2. Browne TJ, Fletcher CDM. Haemosiderotic fibrolipomatous tumour (so-called haemosiderotic fibrohistiocytic lipomatous tumour): analysis of 13 new cases in support of a distinct entity. Histopathology. 2006;48:453–461.
3. Fletcher CDM. Recently characterized soft tissue tumors that bring biologic insight. Mod Pathol. 2014;27(suppl 1):S98–S112.
4. Wettach GR, Boyd LJ, Lawce HJ, et al. Cytogenetic analysis of a hemosiderotic fibrolipomatous tumor. Cancer Genet Cytogenet. 2008;182:140–143.
5. Hallor KH, Sciot R, Staaf J, et al. Two genetic pathways, t(1;10) and amplification of 3p11-12, in myxoinflammatory fibroblastic sarcoma, haemosiderotic fibrolipomatous tumour, and morphologically similar lesions. J Pathol. 2009;217:716–727.
6. Wilk M, Zelger BG, Debiec-Rychter M, et al.
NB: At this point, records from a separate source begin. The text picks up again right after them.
(* Let $T$ be a theory extending $\mathsf{ACA}_0$ and let $\alpha$ be a primitive recursive well-ordering with $\mathrm{otyp}(\alpha)<|T|_{\mathsf{WF}}$. Then $T\vdash^{\Sigma^1_1}\mathsf{WF}(\alpha)$.
   Context: A theory is a set of sentences of the language of second-order arithmetic; $T+\psi$ denotes $T\cup\{\psi\}$. $\mathrm{otyp}$ denotes order type. For primitive recursive $\prec$, $\mathsf{WF}(\prec):=\forall X(\exists x\in X\to\exists x\in X\,\forall y\in X\,\neg(y\prec x))$; $|T|_{\mathsf{WF}}$ is the supremum of the order types of primitive recursive presentations $\prec$ of well-orderings with $T\vdash\mathsf{WF}(\prec)$. $T\vdash^{\Sigma^1_1}\varphi$ means there is a true (in the standard model) $\Sigma^1_1$ sentence $\psi$ with $T+\psi\vdash\varphi$. *)

From Stdlib Require Import List Arith.
Import ListNotations.

Inductive prf : Type :=
| PZ : prf
| PS : prf
| PP : nat -> prf
| PC : prf -> list prf -> prf
| PR : prf -> prf -> prf.

Fixpoint pev (f : prf) (xs : list nat) : nat :=
  match f with
  | PZ => 0
  | PS => S (hd 0 xs)
  | PP i => nth i xs 0
  | PC g gs => pev g (map (fun h => pev h xs) gs)
  | PR g h =>
      (fix r (n : nat) : nat :=
         match n with
         | 0 => pev g (tl xs)
         | S m => pev h (m :: r m :: tl xs)
         end) (hd 0 xs)
  end.

Inductive term : Type :=
| tvar : nat -> term
| tfun : prf -> list term -> term.

Definition tzero : term := tfun PZ [].
Definition tsucc (t : term) : term := tfun PS [t].

Inductive form : Type :=
| fbot : form
| feq : term -> term -> form
| fmem : term -> nat -> form
| fimp : form -> form -> form
| fall1 : form -> form
| fall2 : form -> form.

Definition fneg (p : form) : form := fimp p fbot.
Definition fand (p q : form) : form := fneg (fimp p (fneg q)).
Definition fiff (p q : form) : form := fand (fimp p q) (fimp q p).
Definition fex1 (p : form) : form := fneg (fall1 (fneg p)).
Definition fex2 (p : form) : form := fneg (fall2 (fneg p)).

Fixpoint tsubst (s : nat -> term) (t : term) : term :=
  match t with
  | tvar n => s n
  | tfun f l => tfun f (map (tsubst s) l)
  end.

Definition up1 (s : nat -> term) : nat -> term :=
  fun n => match n with 0 => tvar 0 | S m => tsubst (fun k => tvar (S k)) (s m) end.

Fixpoint fsubst1 (s : nat -> term) (p : form) : form :=
  match p with
  | fbot => fbot
  | feq a b => feq (tsubst s a) (tsubst s b)
  | fmem a X => fmem (tsubst s a) X
  | fimp a b => fimp (fsubst1 s a) (fsubst1 s b)
  | fall1 a => fall1 (fsubst1 (up1 s) a)
  | fall2 a => fall2 (fsubst1 s a)
  end.

Definition up2 (r : nat -> nat) : nat -> nat :=
  fun n => match n with 0 => 0 | S m => S (r m) end.

Fixpoint fren2 (r : nat -> nat) (p : form) : form :=
  match p with
  | fbot => fbot
  | feq a b => feq a b
  | fmem a X => fmem a (r X)
  | fimp a b => fimp (fren2 r a) (fren2 r b)
  | fall1 a => fall1 (fren2 r a)
  | fall2 a => fall2 (fren2 (up2 r) a)
  end.

Definition inst1 (t : term) : nat -> term :=
  fun n => match n with 0 => t | S m => tvar m end.
Definition inst2 (Y : nat) : nat -> nat :=
  fun n => match n with 0 => Y | S m => m end.
Definition lift1 (p : form) : form := fsubst1 (fun n => tvar (S n)) p.
Definition lift2 (p : form) : form := fren2 S p.

Inductive LogAx : form -> Prop :=
| axK p q : LogAx (fimp p (fimp q p))
| axS p q r : LogAx (fimp (fimp p (fimp q r)) (fimp (fimp p q) (fimp p r)))
| axDN p : LogAx (fimp (fneg (fneg p)) p)
| axInst1 p t : LogAx (fimp (fall1 p) (fsubst1 (inst1 t) p))
| axInst2 p Y : LogAx (fimp (fall2 p) (fren2 (inst2 Y) p))
| axGen1 p q : LogAx (fimp (fall1 (fimp (lift1 q) p)) (fimp q (fall1 p)))
| axGen2 p q : LogAx (fimp (fall2 (fimp (lift2 q) p)) (fimp q (fall2 p)))
| axEqRefl t : LogAx (feq t t)
| axEqSubst s t p :
    LogAx (fimp (feq s t) (fimp (fsubst1 (inst1 s) p) (fsubst1 (inst1 t) p))).

Inductive prov (T : form -> Prop) : form -> Prop :=
| pr_hyp p : T p -> prov T p
| pr_ax p : LogAx p -> prov T p
| pr_mp p q : prov T (fimp p q) -> prov T p -> prov T q
| pr_gen1 p : prov T p -> prov T (fall1 p)
| pr_gen2 p : prov T p -> prov T (fall2 p).

Definition extend (T : form -> Prop) (psi : form) : form -> Prop :=
  fun p => T p \/ p = psi.
(* Let $P\subset \mathbb{R}^d$ be a set of $n$ points and let $G$ be the greedy $3/2$-spanner of $P$. Then $G$ has tree-width at most $15\, \eta_d\, c_d\, 8^d \cdot n^{1-1/d}$.
   Context: The greedy $t$-spanner of $P$ is obtained by considering all pairs $\{u,v\}$ of points in order of nondecreasing Euclidean distance and inserting the edge $\{u,v\}$ (weighted by $|uv|$) whenever the current graph contains no path between $u$ and $v$ of length at most $t\cdot|uv|$. $\eta_d$ is the packing constant of $\mathbb{R}^d$: the smallest number such that for every $r\in(0,1]$, every set of points in the $d$-dimensional unit ball with pairwise distances at least $r$ has at most $\eta_d r^{-d}$ points. $c_d\leq 2^{\mathcal{O}(d)}$ is the constant (due to Le and Than) such that for every point set in $\mathbb{R}^d$ and every $t\in(1,3/2]$, every subgraph on $k$ vertices of the greedy $t$-spanner has a $(1-\frac{1}{\eta_d 2^{d+1}})$-balanced separator of size $c_d(t-1)^{1-2d}k^{1-1/d}$; here an $\alpha$-balanced separator of a graph $H$ is a vertex set $S$ such that $V(H)\setminus S$ splits into two parts with no edges between them, each of size at most $\alpha|V(H)|$. *)

From HB Require Import structures.
From mathcomp Require Import all_boot all_order all_algebra.
From mathcomp Require Import boolp reals exp.
Set Implicit Arguments. Unset Strict Implicit. Unset Printing Implicit Defensive.
Import Order.TTheory GRing.Theory Num.Theory.
Local Open Scope ring_scope.

Section Defs.
Variable R : realType.

Definition edist (d : nat) (x y : 'rV[R]_d) : R :=
  Num.sqrt (\sum_(i < d) (x ord0 i - y ord0 i) ^+ 2).

Definition packing_bound (d : nat) (eta : R) : Prop :=
  forall (r : R), 0 < r -> r <= 1 ->
  forall (k : nat) (q : 'I_k -> 'rV[R]_d),
    (forall i, edist (q i) 0 <= 1) ->
    (forall i j, i != j -> r <= edist (q i) (q j)) ->
    k%:R <= eta * r ^- d.

Definition is_packing_constant (d : nat) (eta : R) : Prop :=
  packing_bound d eta /\ (forall eta', packing_bound d eta' -> eta <= eta').

Section Greedy.
Variables (d n : nat) (p : 'I_n -> 'rV[R]_d).

Definition adj (E : seq ('I_n * 'I_n)) : rel 'I_n :=
  fun x y => ((x, y) \in E) || ((y, x) \in E).

Definition walk_length (u : 'I_n) (w : seq 'I_n) : R :=
  \sum_(l <- pairmap (fun a b => edist (p a) (p b)) u w) l.

Definition has_path_within (E : seq ('I_n * 'I_n)) (u v : 'I_n) (L : R) : Prop :=
  exists w : seq 'I_n, [/\ path (adj E) u w, last u w = v & walk_length u w <= L].

Definition all_pairs : seq ('I_n * 'I_n) :=
  [seq uv : 'I_n * 'I_n <- [seq (i, j) | i <- enum 'I_n, j <- enum 'I_n] | (nat_of_ord uv.1 < nat_of_ord uv.2)%N].

Definition greedy_order (s : seq ('I_n * 'I_n)) : Prop :=
  perm_eq s all_pairs /\
  sorted (fun a b : 'I_n * 'I_n =>
            edist (p a.1) (p a.2) <= edist (p b.1) (p b.2)) s.

Definition greedy_spanner (t : R) (s : seq ('I_n * 'I_n)) : seq ('I_n * 'I_n) :=
  foldl (fun E uv =>
           if `[< has_path_within E uv.1 uv.2 (t * edist (p uv.1) (p uv.2)) >]
           then E else rcons E uv) [::] s.
End Greedy.

Definition balanced_separator (m : nat) (V : {set 'I_m}) (F : rel 'I_m)
    (alpha : R) (S : {set 'I_m}) : Prop :=
  S \subset V /\
  exists A B : {set 'I_m},
    [/\ A :|: B = V :\: S, [disjoint A & B],
        (forall x y, x \in A -> y \in B -> ~~ F x y),
        #|A|%:R <= alpha * #|V|%:R & #|B|%:R <= alpha * #|V|%:R].

Definition le_than_constant (d : nat) (eta c : R) : Prop :=
  forall (m : nat) (q : 'I_m -> 'rV[R]_d), injective q ->
  forall (t : R), 1 < t -> t <= 3 / 2 ->
  forall s : seq ('I_m * 'I_m), greedy_order q s ->
  forall (V : {set 'I_m}) (F : rel 'I_m),
    (forall x y, F x y -> [/\ adj (greedy_spanner q t s) x y, x \in V & y \in V]) ->
    exists S : {set 'I_m},
      balanced_separator V F (1 - (eta * 2 ^+ d.+1)^-1) S /\
      #|S|%:R <= c * powR (t - 1) (1 - 2 * d%:R) * powR #|V|%:R (1 - d%:R^-1).

Definition is_tree (k : nat) (e : rel 'I_k) : Prop :=
  [/\ symmetric e, irreflexive e,
      (forall x y, connect e x y) &
      (forall c : seq 'I_k, uniq c -> (2 < size c)%N -> ~~ cycle e c)].

Definition tree_decomposition (n : nat) (G : rel 'I_n)
    (k : nat) (e : rel 'I_k) (B : 'I_k -> {set 'I_n}) : Prop :=
  [/\ is_tree e,
      (forall x, exists i, x \in B i),
      (forall x y, G x y -> exists i, (x \in B i) && (y \in B i)) &
      (forall x i j, x \in B i -> x \in B j ->
         connect (fun a b => [&& e a b, x \in B a & x \in B b]) i j)].

Definition treewidth_le (n : nat) (G : rel 'I_n) (w : R) : Prop :=
  exists (k : nat) (e : rel 'I_k) (B : 'I_k -> {set 'I_n}),
    tree_decomposition G e B /\ (forall i, #|B i|%:R - 1 <= w).

End Defs.

From HB Require Import structures.
From mathcomp Require Import all_boot all_order all_algebra.
From mathcomp Require Import boolp reals exp.
From mathcomp Require Import zify ring lra.
Set Implicit Arguments. Unset Strict Implicit. Unset Printing Implicit Defensive.
Import Order.TTheory GRing.Theory Num.Theory.
Local Open Scope ring_scope.

(* For d >= 2, the Le--Than separators
   S of size c' k^beta (c' = c 2^(2d-1), beta = 1 - 1/d) split any k vertices
   into parts of size at most alpha k, alpha = 1 - 1/(eta 2^(d+1)).  Recursing
   on the parts and adding S to all their bags yields bags of size at most
   K k^beta, where K = c'/(1 - alpha^beta) solves K = c' + K alpha^beta; and
   1 - alpha^beta >= (1 - alpha)/2 because beta >= 1/2, so K <= 2 eta c 8^d.
   For d = 1 the exponent beta vanishes, but a greedy edge never jumps over
   a point of the line: the spanner is a path, of tree-width 1, while the
   Le--Than property at a single point forces c' >= 1. *)

Lemma forall_ltn_add (Q : nat -> Prop) m1 m2 :
    (forall i, (i < m1)%N -> Q i) -> (forall j, (j < m2)%N -> Q (m1 + j)%N) ->
  forall i, (i < m1 + m2)%N -> Q i.
Proof.
move=> Q1 Q2 i i_lt; case: (ltnP i m1) => [|m1_le]; first exact: Q1.
by rewrite -(subnKC m1_le); apply: Q2; lia.
Qed.

Definition splice (T : Type) k (f g : nat -> T) i := if (i < k)%N then f i else g (i - k)%N.

Lemma spliceL (T : Type) k (f g : nat -> T) i : (i < k)%N -> splice k f g i = f i.
Proof. by rewrite /splice => ->. Qed.

Lemma spliceR (T : Type) k (f g : nat -> T) j : splice k f g (k + j) = g j.
Proof. by rewrite /splice ltnNge leq_addr addKn. Qed.

Section ParentTree.
Variables (k : nat) (par : nat -> nat).
Hypothesis par_lt : forall i, (0 < i < k)%N -> (par i < i)%N.

Definition parent_rel : rel 'I_k :=
  fun a b => (a != b) && ((0 < a)%N && (par a == b) || (0 < b)%N && (par b == a)).

Lemma parent_rel_sym : symmetric parent_rel.
Proof. by move=> a b; rewrite /parent_rel eq_sym orbC. Qed.

Lemma parent_rel_lt (a b : 'I_k) : parent_rel a b -> (a < b)%N -> par b = a.
Proof.
case/andP=> _ /orP[/andP[a_gt0 /eqP <-] | /andP[_ /eqP //]].
by rewrite ltnNge ltnW // par_lt // a_gt0 ltn_ord.
Qed.

Lemma connect_parent_rel (P : pred nat) (top : 'I_k) :
    (forall i, (i < k)%N -> P i -> i = top \/ (0 < i)%N /\ P (par i)) ->
  forall i : 'I_k, P i -> connect [rel a b | [&& parent_rel a b, P a & P b]] i top.
Proof.
move=> Ptop i; have [m] := ubnP (val i); elim: m i => // m IH i.
rewrite ltnS => im Pi.
case: (Ptop i (ltn_ord i) Pi) => [/val_inj -> // | [i_gt0 Ppi]].
have pi_lt : (par i < i)%N by apply: par_lt; rewrite i_gt0 ltn_ord.
have pi_k : (par i < k)%N := ltn_trans pi_lt (ltn_ord i).
apply: (connect_trans (y := Ordinal pi_k)).
  apply: connect1; rewrite /= /parent_rel Pi Ppi i_gt0 eqxx !andbT /=.
  by rewrite -(inj_eq val_inj) /= neq_ltn pi_lt orbT.
exact: (IH (Ordinal pi_k)) (leq_trans pi_lt im) Ppi.
Qed.

Lemma parent_tree : (0 < k)%N -> is_tree parent_rel.
Proof.
move=> k0; split; first exact: parent_rel_sym.
- by move=> a; rewrite /parent_rel eqxx.
- have to_root (a : 'I_k) : connect parent_rel a (Ordinal k0).
    apply: (connect_sub (e := [rel x y | [&& parent_rel x y, predT x & predT y]])).
      by move=> x y /andP[xy _]; apply: connect1.
    apply: (@connect_parent_rel predT (Ordinal k0)) => // i _ _.
    by case: (posnP i); [left | right].
  move=> a b; apply: connect_trans (to_root a) _.
  by rewrite (sym_connect_sym parent_rel_sym) to_root.
- move=> c c_uniq c_size; apply/negP => c_cycle.
  (* The largest node of a cycle would have both its cycle neighbours as parent. *)
  have [m mc mmax] : exists2 m, m \in c & forall y, y \in c -> (val y <= val m)%N.
    case: c c_size {c_uniq c_cycle} => // a c _.
    case: (@arg_maxnP _ a (mem (a :: c)) val) => [|m mc mmax]; first exact: mem_head.
    by exists m.
  have [i s' c_rot] := rot_to mc.
  move: c_cycle c_uniq (c_size); rewrite -(rot_cycle i) -(rot_uniq i) -(size_rot i) c_rot.
  case: s' c_rot => [|y [|a s']] c_rot //.
  rewrite /cycle rcons_path /= => /andP[/and3P[my _ _] zm] /and4P[m_notin y_notin _ _] _.
  set z := last a s' in zm.
  have z_in : z \in a :: s' := mem_last a s'.
  have in_c u : u \in y :: a :: s' -> u \in c.
    by move=> u_in; rewrite -(mem_rot i) c_rot inE u_in orbT.
  have lt_m u : u \in y :: a :: s' -> (val u < val m)%N.
    move=> u_in; rewrite ltn_neqAle mmax ?in_c // andbT (inj_eq val_inj).
    by apply: contraNneq m_notin => <-.
  have /parent_rel_lt my' := lt_m y (mem_head _ _).
  have /parent_rel_lt zm' : (val z < val m)%N by rewrite lt_m // inE z_in orbT.
  have yz : y = z by apply/val_inj; rewrite /= -zm' // my' // parent_rel_sym.
  by move: y_notin; rewrite yz z_in.
Qed.
End ParentTree.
Angiomatoid fibrous histiocytoma—case series with emphasis on a late fibrotic variant. J Dtsch Dermatol Ges. 2015;13:441–448.
7. Antonescu CR, Zhang L, Nielsen GP, et al. Consistent t(1;10) with rearrangements of TGFBR3 and MGEA5 in both myxoinflammatory fibroblastic sarcoma and hemosiderotic fibrolipomatous tumor. Genes Chromosomes Cancer. 2011;50:757–764.
8. Carter JM, Sukov WR, Montgomery E, et al. TGFBR3 and MGEA5 rearrangements in pleopmorphic hyalinizing angiectatic tumors and the spectrum of related neoplasms. Am J Surg Pathol. 2014;38:1182–1192.